Now, onto structs! A struct is a way in which we combine multiple heterogeneous datatypes into a single, coherent, structure. An example is shown below.
struct _sigma16_cpu {
sigma16_reg_t regs[16];
union sigma16_inst_variant ir;
sigma16_reg_t pc;
sigma16_reg_t adr;
sigma16_reg_t dat;
sigma16_reg_status_t status;
_Bool sys;
_Bool ie;
sigma16_reg_t mask;
sigma16_reg_t req;
sigma16_reg_status_t istat;
sigma16_reg_t ipc;
sigma16_reg_t vect;
}
The struct, _sigma16_cpu
has several fields (e.g. pc
, adr
, status
) which can be individually accessed. To improve performance, the C compiler will attempt to align the size of the struct to the size of the largest field. However, not all the datatypes have the same size (assert(sizeof(char) == sizeof(int))
will fail) so to properly align the struct the compiler will insert padding bytes.
#include <assert.h>
struct C {
char x; /* 1 */
int y; /* 4 */
};
struct I {
int x; /* 4 */
int y; /* 4 */
};
int main() {
struct C c = {.x = 'A', .y = 41};
struct I i = {.x = 41, .y = 41};
assert(sizeof(c) == sizeof(i));
}
In both structs, int
is the largest data type which means both structs will attempt to align to it. However, char
has a size of 1 so the compiler inserts 3 padding bytes, bringing the size of struct C
to 8.
[user@beelzebub]: /tmp/tmp.s3NX4aNGmq>$ gcc test.c -o test
[user@beelzebub]: /tmp/tmp.s3NX4aNGmq>$ ./test
[user@beelzebub]: /tmp/tmp.s3NX4aNGmq>$
As we can see, the assertion held. In other languages the fields of a struct may be reorganised to improve structure size by reducing the amount of padding bytes required.
struct A {
char x;
int y;
char z;
}; /* sizeof(struct A) == 12 */
struct B {
char x;
char z;
int y;
}; /* sizeof(struct B) == 8 */
Despite having the same fields, struct A
is larger than struct B
. Although, if you want to remove padding entirely you can use __attribute__((packed))
.
__attribute__((packed)) struct A {
char x;
int y;
char z;
}; /* sizeof(struct A) == 6 */
However, this is not a compiler directive and removing padding will make structures cache-unfriendly which will likely hamper performance.

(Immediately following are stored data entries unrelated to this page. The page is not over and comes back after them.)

(* If (a^k, x) has finite order m, then m x vanishes modulo a^k - 1 and
   a^(p^2) - 1, so x has augmentation 0.  The element x - T_i(a^k) of X_i has
   augmentation -k, and augmentations of X_i lie in pK, so p | k.  If k = 0
   then x = 0.  Otherwise k = k' p with 0 < k' < p, x is divisible by
   a^p - 1, and modulo a^p - 1 (where T_i(a^k) = k' Phi(a) and
   Phi(a^p) = p) the coset condition reads
     k' Phi(a) + p u (a - 1) + v (Phi(a) + (a - 1)^(i+1)) = w (a^p - 1)
   with u, v, w over K.  Expanding in powers of a - 1, all coefficients of
   a^p - 1 below degree p lie in pK, and comparing the coefficients of
   (a - 1)^(i+1) gives k' in pK, which is impossible since p is not a unit
   of K. *)

Section PolyCongruence.
Variable F : fieldType.
Implicit Types D f g h : {poly F}.

Definition eqmodp D f g := D %| f - g.

Lemma eqmodp_refl D f : eqmodp D f f.
Proof. by rewrite /eqmodp subrr dvdp0. Qed.

Lemma eqmodp_sym D f g : eqmodp D f g -> eqmodp D g f.
Proof. by rewrite /eqmodp -opprB dvdpNr. Qed.

Lemma eqmodp_trans D f g h : eqmodp D f g -> eqmodp D g h -> eqmodp D f h.
Proof. by move=> Dfg Dgh; rewrite /eqmodp -(subrKA g); apply: dvdp_add. Qed.

Lemma eqmodpD D f g (f' g' : {poly F}) :
  eqmodp D f g -> eqmodp D f' g' -> eqmodp D (f + f') (g + g').
Proof. by move=> Dfg Dfg'; rewrite /eqmodp opprD addrACA; apply: dvdp_add. Qed.

Lemma eqmodpM D f g (f' g' : {poly F}) :
  eqmodp D f g -> eqmodp D f' g' -> eqmodp D (f * f') (g * g').
Proof.
move=> Dfg Dfg'; rewrite /eqmodp.
have -> : f * f' - g * g' = f * (f' - g') + (f - g) * g' by ring.
exact: dvdp_add (dvdp_mull _ Dfg') (dvdp_mulr _ Dfg).
Qed.

Lemma eqmodpN D f g : eqmodp D f g -> eqmodp D (- f) (- g).
Proof. by rewrite /eqmodp -opprD dvdpNr. Qed.

Lemma eqmodp_sum D (I : Type) (r : seq I) (P : pred I) (f g : I -> {poly F}) :
  (forall i, P i -> eqmodp D (f i) (g i)) ->
  eqmodp D (\sum_(i <- r | P i) f i) (\sum_(i <- r | P i) g i).
Proof.
move=> fg; apply: (big_ind2 (eqmodp D)) => //.
exact: eqmodp_refl.
exact: eqmodpD.
Qed.

Lemma eqmodp_dvdp D D' f g : D' %| D -> eqmodp D f g -> eqmodp D' f g.
Proof. exact: dvdp_trans. Qed.

Lemma eqmodp0 D f : eqmodp D f 0 = (D %| f).
Proof. by rewrite /eqmodp subr0. Qed.

Lemma eqmodp_XsubC c f : eqmodp ('X - c%:P) f f.[c]%:P.
Proof. by rewrite /eqmodp dvdp_XsubCl /root !hornerE subrr. Qed.

Lemma eqmodp_horner c f g : eqmodp ('X - c%:P) f g -> f.[c] = g.[c].
Proof. by rewrite /eqmodp dvdp_XsubCl /root !hornerE subr_eq0 => /eqP. Qed.

End PolyCongruence.

Lemma dvdp_XnB1_XmnB1 (F : fieldType) m n :
  ('X^m - 1 : {poly F}) %| 'X^(m * n) - 1.
Proof. by rewrite exprM [_ ^+ n - 1]subrX1 dvdp_mulr. Qed.

Lemma dvdp_XB1_XnB1 (F : fieldType) n : ('X - 1 : {poly F}) %| 'X^n - 1.
Proof. by rewrite -(mul1n n) -{1}(expr1 'X) dvdp_XnB1_XmnB1. Qed.

Lemma horner1_eq0 (F : fieldType) (f : {poly F}) : 'X - 1 %| f -> f.[1] = 0.
Proof. by rewrite -polyC1 dvdp_XsubCl => /rootP. Qed.

Section CyclicGroupAlgebra.
Variables (F : fieldType) (p : nat).
Local Notation Phi := (PhiP p 'X).
Local Notation M1 := ('X^p - 1 : {poly F}).
Local Notation M2 := ('X^(p ^ 2) - 1 : {poly F}).

Lemma dvdp_XpB1_Xp2B1 : M1 %| M2.
Proof. by rewrite -mulnn dvdp_XnB1_XmnB1. Qed.

Lemma redG_eqmodp (q : {poly F}) : eqmodp M2 (redG p q) q.
Proof.
by apply: eqmodp_sym; rewrite /eqmodp {1}(divp_eq q M2) addrK dvdp_mull.
Qed.

Lemma horner1_redG (q : {poly F}) : (redG p q).[1] = q.[1].
Proof.
apply: eqmodp_horner (eqmodp_dvdp _ (redG_eqmodp q)).
by rewrite polyC1 dvdp_XB1_XnB1.
Qed.

Lemma crys_pow_eqmodp D k x n : D %| M2 -> D %| 'X^k - 1 ->
  eqmodp D (crys_pow p (k, x) n).2 (x *+ n).
Proof.
move=> DM2 Dk; elim: n => [|n IHn]; first exact: eqmodp_refl.
rewrite /crys_pow iterS -/(crys_pow p (k, x) n) mulrSr.
apply: eqmodpD (eqmodp_refl _ _).
apply: eqmodp_trans (eqmodp_dvdp DM2 (redG_eqmodp _)) (eqmodp_trans _ IHn).
by rewrite /eqmodp -{2}(mul1r (crys_pow p (k, x) n).2) -mulrBl dvdp_mulr.
Qed.

Lemma PhiP_horner1 (y : {poly F}) : y.[1] = 1 -> (PhiP p y).[1] = p%:R.
Proof.
move=> y1; rewrite /PhiP horner_sum.
under eq_bigr do rewrite horner_exp y1 expr1n.
by rewrite sumr_const card_ord.
Qed.

Lemma XpB1_eq : M1 = ('X - 1) * Phi.
Proof. by rewrite subrX1. Qed.

Lemma eqmodp_mulPhi (f : {poly F}) : eqmodp M1 (f * Phi) (f.[1] *: Phi).
Proof.
rewrite /eqmodp -mul_polyC -mulrBl XpB1_eq dvdp_mul // -polyC1.
exact: eqmodp_XsubC.
Qed.

Lemma PhiXp_eqmodp : eqmodp M1 (PhiP p 'X^p) p%:R.
Proof.
rewrite /PhiP -[p in X in eqmodp _ _ X]card_ord -sumr_const.
by apply: eqmodp_sum => j _; rewrite /eqmodp -exprM dvdp_XnB1_XmnB1.
Qed.

Lemma genX1_eqmodp : eqmodp M1 (genX1 F p) (p%:R *: ('X - 1)).
Proof.
by rewrite scaler_nat -mulr_natr; apply: eqmodpM (eqmodp_refl _ _) PhiXp_eqmodp.
Qed.

Lemma genX1_horner1 : (genX1 F p).[1] = 0.
Proof. by rewrite /genX1 !hornerE subrr mul0r. Qed.

Lemma genX2_horner1 i : (genX2 F p i).[1] = p%:R.
Proof.
by rewrite /genX2 hornerD PhiP_horner1 ?hornerX // !hornerE subrr expr0n addr0.
Qed.

Local Notation shift f := (f \Po ('X + 1 : {poly F})).

Lemma coef0_shift f : (shift f)`_0 = f.[1].
Proof. by rewrite -horner_coef0 horner_comp !hornerE. Qed.

Lemma shift_XsubC1 : shift ('X - 1) = 'X.
Proof. by rewrite rmorphB /= comp_polyX rmorph1 addrK. Qed.

Lemma shift_XpB1 : shift M1 = ('X + 1) ^+ p - 1.
Proof. by rewrite rmorphB rmorphXn /= comp_polyX rmorph1. Qed.

(* As v(1) = -k', the Phi terms combine into (shift v + k') * shift Phi,
   a multiple of 'X * shift Phi = shift M1. *)
Lemma shift_coset_relation k' u v w i : v.[1] = - k'%:R ->
    k'%:R * Phi + p%:R * (u * ('X - 1)) + v * genX2 F p i = w * M1 ->
  shift v * 'X^(i.+1) = (shift w - drop_poly 1 (shift v + k'%:R)) * shift M1
                        - p%:R * (shift u * 'X).
Proof.
have shift_Phi : shift M1 = shift Phi * 'X.
  by rewrite XpB1_eq rmorphM /= shift_XsubC1 mulrC.
move=> v1 /(congr1 (comp_poly ('X + 1))); rewrite rmorphM /= shift_Phi.
rewrite /genX2 !(rmorphD, rmorphM, rmorph_nat, rmorphXn) /=.
rewrite comp_polyX rmorphN rmorph1 addrK => shift_eq.
set g := shift v + k'%:R; set q := drop_poly 1 g.
have g_eq : g = q * 'X.
  apply/polyP => -[|j]; rewrite coefMX ?coef_drop_poly ?addn1 //=.
  by rewrite coefD coef0_shift v1 -polyC_natr coefC addNr.
by rewrite mulrBl -shift_eq (mulrCA q) -g_eq /g; ring.
Qed.

Hypothesis p_neq0 : p%:R != 0 :> F.

Lemma Trep_eqmodp k : eqmodp M1 (Trep F p k) ((k%:R / p%:R) *: Phi).
Proof.
apply: eqmodp_trans (eqmodp_dvdp dvdp_XpB1_Xp2B1 (redG_eqmodp _)) _.
set S := \sum_(j < k) 'X^j; set c := ((p ^ 2)%N%:R : F)^-1.
rewrite -scalerAr mulrA mulrAC scalerAl.
apply: eqmodp_trans (eqmodp_mulPhi _) _.
rewrite hornerZ hornerM PhiP_horner1 ?hornerXn ?expr1n // /S horner_sum.
under eq_bigr do rewrite hornerXn expr1n.
rewrite sumr_const card_ord /c natrX.
have -> : (p%:R ^+ 2)^-1 * (k%:R * p%:R) = k%:R / p%:R :> F by field.
exact: eqmodp_refl.
Qed.

Lemma Trep_horner1 k : (Trep F p k).[1] = k%:R.
Proof.
rewrite /Trep horner1_redG hornerM hornerZ hornerM horner_sum.
under eq_bigr do rewrite hornerXn expr1n.
rewrite sumr_const card_ord !PhiP_horner1 ?hornerX ?hornerXn ?expr1n //.
by rewrite -natrM mulnn mulVf ?mulr1 // natrX expf_neq0.
Qed.

Lemma crys_coset_dvdp k' x u v i : M1 %| x ->
    x - Trep F p (k' * p) = redG p (u * genX1 F p + v * genX2 F p i) ->
  M1 %| k'%:R * Phi + p%:R * (u * ('X - 1)) + v * genX2 F p i.
Proof.
move=> M1x xT.
have Tk' : eqmodp M1 (Trep F p (k' * p)) (k'%:R *: Phi).
  by rewrite -[k'%:R](mulfK p_neq0) -natrM; apply: Trep_eqmodp.
have lhs : eqmodp M1 (x - Trep F p (k' * p)) (0 - k'%:R *: Phi).
  by apply: eqmodpD (eqmodpN Tk'); rewrite eqmodp0.
have rhs : eqmodp M1 (x - Trep F p (k' * p))
                    (u * (p%:R *: ('X - 1)) + v * genX2 F p i).
  rewrite xT.
  apply: eqmodp_trans (eqmodp_dvdp dvdp_XpB1_Xp2B1 (redG_eqmodp _)) _.
  exact: eqmodpD (eqmodpM (eqmodp_refl _ _) genX1_eqmodp) (eqmodp_refl _ _).
have := eqmodp_trans (eqmodp_sym lhs) rhs.
by rewrite /eqmodp sub0r -opprD dvdpNr addrA -scalerAr !scaler_nat !mulr_natl.
Qed.

Lemma coset_relation_horner1 k' u v i :
    M1 %| k'%:R * Phi + p%:R * (u * ('X - 1)) + v * genX2 F p i ->
  v.[1] = - k'%:R.
Proof.
move=> /(dvdp_trans (dvdp_XB1_XnB1 F p))/horner1_eq0.
rewrite !mulr_natl !hornerD !hornerMn (hornerM u) (hornerM v) genX2_horner1.
rewrite PhiP_horner1 ?hornerX // -polyC1 hornerXsubC subrr mulr0 mul0rn addr0.
rewrite -mulr_natl -mulrDl => /eqP.
by rewrite mulf_eq0 (negbTE p_neq0) orbF addrC addr_eq0 => /eqP.
Qed.

Lemma dvdp_crys_pow_eq1 D k x m : D %| M2 -> D %| 'X^k - 1 ->
  m%:R != 0 :> F -> (crys_pow p (k, x) m).2 = 0 -> D %| x.
Proof.
move=> DM2 Dk m_neq0 xm0; have := crys_pow_eqmodp x m DM2 Dk.
by rewrite xm0 /eqmodp sub0r dvdpNr -scaler_nat dvdpZr.
Qed.

Lemma redG_eq0 q : (0 < p)%N -> M2 %| redG p q -> redG p q = 0.
Proof.
move=> p_gt0 M2r; apply/eqP; apply: contraT => r_neq0.
move: (dvdp_leq r_neq0 M2r); rewrite leqNgt ltn_modp -polyC1 monic_neq0 //.
by rewrite monicXnsubC // expn_gt0 p_gt0.
Qed.

End CyclicGroupAlgebra.

Record p_nonunit_subring (p : nat) (F : fieldType) (K : F -> Prop) : Prop :=
  PNonunitSubring {
    pnus_char0 : [pchar F] =i pred0;
    pnus_1 : K 1;
    pnus_N1 : K (-1);
    pnus_D : forall x y, K x -> K y -> K (x + y);
    pnus_M : forall x y, K x -> K y -> K (x * y);
    pnus_pinv : ~ K p%:R^-1 }.

Section PNonunitSubring.
Variables (F : fieldType) (K : F -> Prop) (p : nat).
Hypotheses (p_prime : prime p) (charF : [pchar F] =i pred0).
Hypotheses (K1 : K 1) (KN1 : K (-1)).
Hypothesis KD : forall x y, K x -> K y -> K (x + y).
Hypothesis KM : forall x y, K x -> K y -> K (x * y).
Hypothesis K_pinv : ~ K p%:R^-1.

Local Notation Phi := (PhiP p 'X).
Local Notation M1 := ('X^p - 1 : {poly F}).

Let natrF_eq0 n : (n%:R == 0 :> F) = (n == 0)%N.
Proof. exact: (pcharf0P F).1 charF n. Qed.

Let p_neq0 : p%:R != 0 :> F.
Proof. by rewrite natrF_eq0 -lt0n prime_gt0. Qed.

Lemma K0 : K 0.
Proof. by rewrite -(subrr 1); apply: KD. Qed.

Lemma KN x : K x -> K (- x).
Proof. by move=> Kx; rewrite -mulN1r; apply: KM. Qed.

Lemma Knat n : K n%:R.
Proof. by elim: n => [|n IHn]; [exact: K0 | rewrite mulrS; apply: KD]. Qed.

Lemma Ksum (I : Type) (r : seq I) (P : pred I) (f : I -> F) :
  (forall i, P i -> K (f i)) -> K (\sum_(i <- r | P i) f i).
Proof. by move=> Kf; apply: big_ind; [exact: K0 | exact: KD | exact: Kf]. Qed.

Definition pK (x : F) := exists2 z, K z & x = p%:R * z.

Lemma pK0 : pK 0.
Proof. by exists 0; [exact: K0 | rewrite mulr0]. Qed.

Lemma pKD x y : pK x -> pK y -> pK (x + y).
Proof.
by move=> [a Ka ->] [b Kb ->]; exists (a + b); [apply: KD | rewrite mulrDr].
Qed.

Lemma pKN x : pK x -> pK (- x).
Proof. by move=> [a Ka ->]; exists (- a); [apply: KN | rewrite mulrN]. Qed.

Lemma pKMl a x : K a -> pK x -> pK (a * x).
Proof.
by move=> Ka [b Kb ->]; exists (a * b); [apply: KM | rewrite mulrCA].
Qed.

Lemma pK_sum (I : Type) (r : seq I) (P : pred I) (f : I -> F) :
  (forall i, P i -> pK (f i)) -> pK (\sum_(i <- r | P i) f i).
Proof.
by move=> pKf; apply: big_ind; [exact: pK0 | exact: pKD | exact: pKf].
Qed.

(* If p does not divide n, a Bezout relation a n + 1 = b p gives
   1/p = b - a (n/p), so n/p in K would make p invertible in K. *)
Lemma pK_natrP n : pK n%:R <-> (p %| n)%N.
Proof.
split=> [[z Kz nz] | /dvdnP[q ->]]; last first.
  by exists q%:R; [exact: Knat | rewrite natrM mulrC].
apply: contraT => p_ndvd_n; case: K_pinv.
have /eqP gcd1 : coprime p n by rewrite prime_coprime.
have [a _] := Bezoutl n (prime_gt0 p_prime).
rewrite gcd1 => /dvdnP[b /(congr1 (GRing.natmul (1 : F)))].
rewrite natrD natrM nz mulrCA => Bezout_ab.
have -> : p%:R^-1 = b%:R - a%:R * z.
  apply: (mulfI p_neq0).
  by rewrite mulfV // mulrBr mulrC -natrM -Bezout_ab addrK.
by apply: KD; [exact: Knat | apply/KN/KM; [exact: Knat |]].
Qed.

Lemma Kpoly_add f g : Kpoly K f -> Kpoly K g -> Kpoly K (f + g).
Proof. by move=> Kf Kg j; rewrite coefD; apply: KD. Qed.

Lemma Kpoly_opp f : Kpoly K f -> Kpoly K (- f).
Proof. by move=> Kf j; rewrite coefN; apply: KN. Qed.

Lemma Kpoly_mul f g : Kpoly K f -> Kpoly K g -> Kpoly K (f * g).
Proof. by move=> Kf Kg j; rewrite coefM; apply: Ksum => l _; apply: KM. Qed.

Lemma Kpoly_scale c f : K c -> Kpoly K f -> Kpoly K (c *: f).
Proof. by move=> Kc Kf j; rewrite coefZ; apply: KM. Qed.

Lemma Kpoly_sum (I : Type) (r : seq I) (P : pred I) (f : I -> {poly F}) :
  (forall i, P i -> Kpoly K (f i)) -> Kpoly K (\sum_(i <- r | P i) f i).
Proof. by move=> Kf j; rewrite coef_sum; apply: Ksum => l /Kf. Qed.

How do padding bytes replate to information leakage? Padding bytes pare not safely accessible in C and may contain arbitrary memory. Places where this may occur is where we write a struct by doing foo(&my_struct, sizeof(my_struct));
because you are including padding bytes. Instead, to write and read in structs, you should do it by individually accessing each field. An example application with an information leakage from struct padding is below.
#include <crypt.h>
#include <stdio.h>
#include <string.h>
#define KEY_SIZE 16
#define SALT_SIZE 16
#define BLOWFISH 2
struct credentials {
char salt[SALT_SIZE];
char key[KEY_SIZE];
};
struct encrypted {
unsigned char scheme;
long long uid;
unsigned char version;
};
char* read_user_creds(struct credentials* creds) {
/* clear memory for null bytes */
memset(creds->key, '\0', KEY_SIZE);
memset(creds->salt, '\0', SALT_SIZE);
fgets(creds->key, KEY_SIZE, stdin);
fgets(creds->salt, SALT_SIZE, stdin);
}
char* encrypt_user_data(void) {
struct credentials creds;
read_user_creds(&creds);
return crypt(creds.key, creds.salt);
}
int save_ciphertext_info(const char* fname) {
static int uid = 0;
struct encrypted blob = {.scheme = BLOWFISH, uid = uid++, .version = 0};
FILE* save_file;
if (!(save_file = fopen(fname, "wb"))) {
return -1;
}
fwrite(&blob, sizeof(blob), 1, save_file);
fclose(save_file);
}
int main() {
char* encrypted;
encrypted = encrypt_user_data();
if (save_ciphertext_info("ciphertext_info.bin") < 0) {
return -1;
}
printf("encrypted: %s\n", encrypted);
return 0;
}
The application asks a user for their password and a salt to encrypt using crypt
. Then the application emits the an encyption id, application version, and the encryption scheme.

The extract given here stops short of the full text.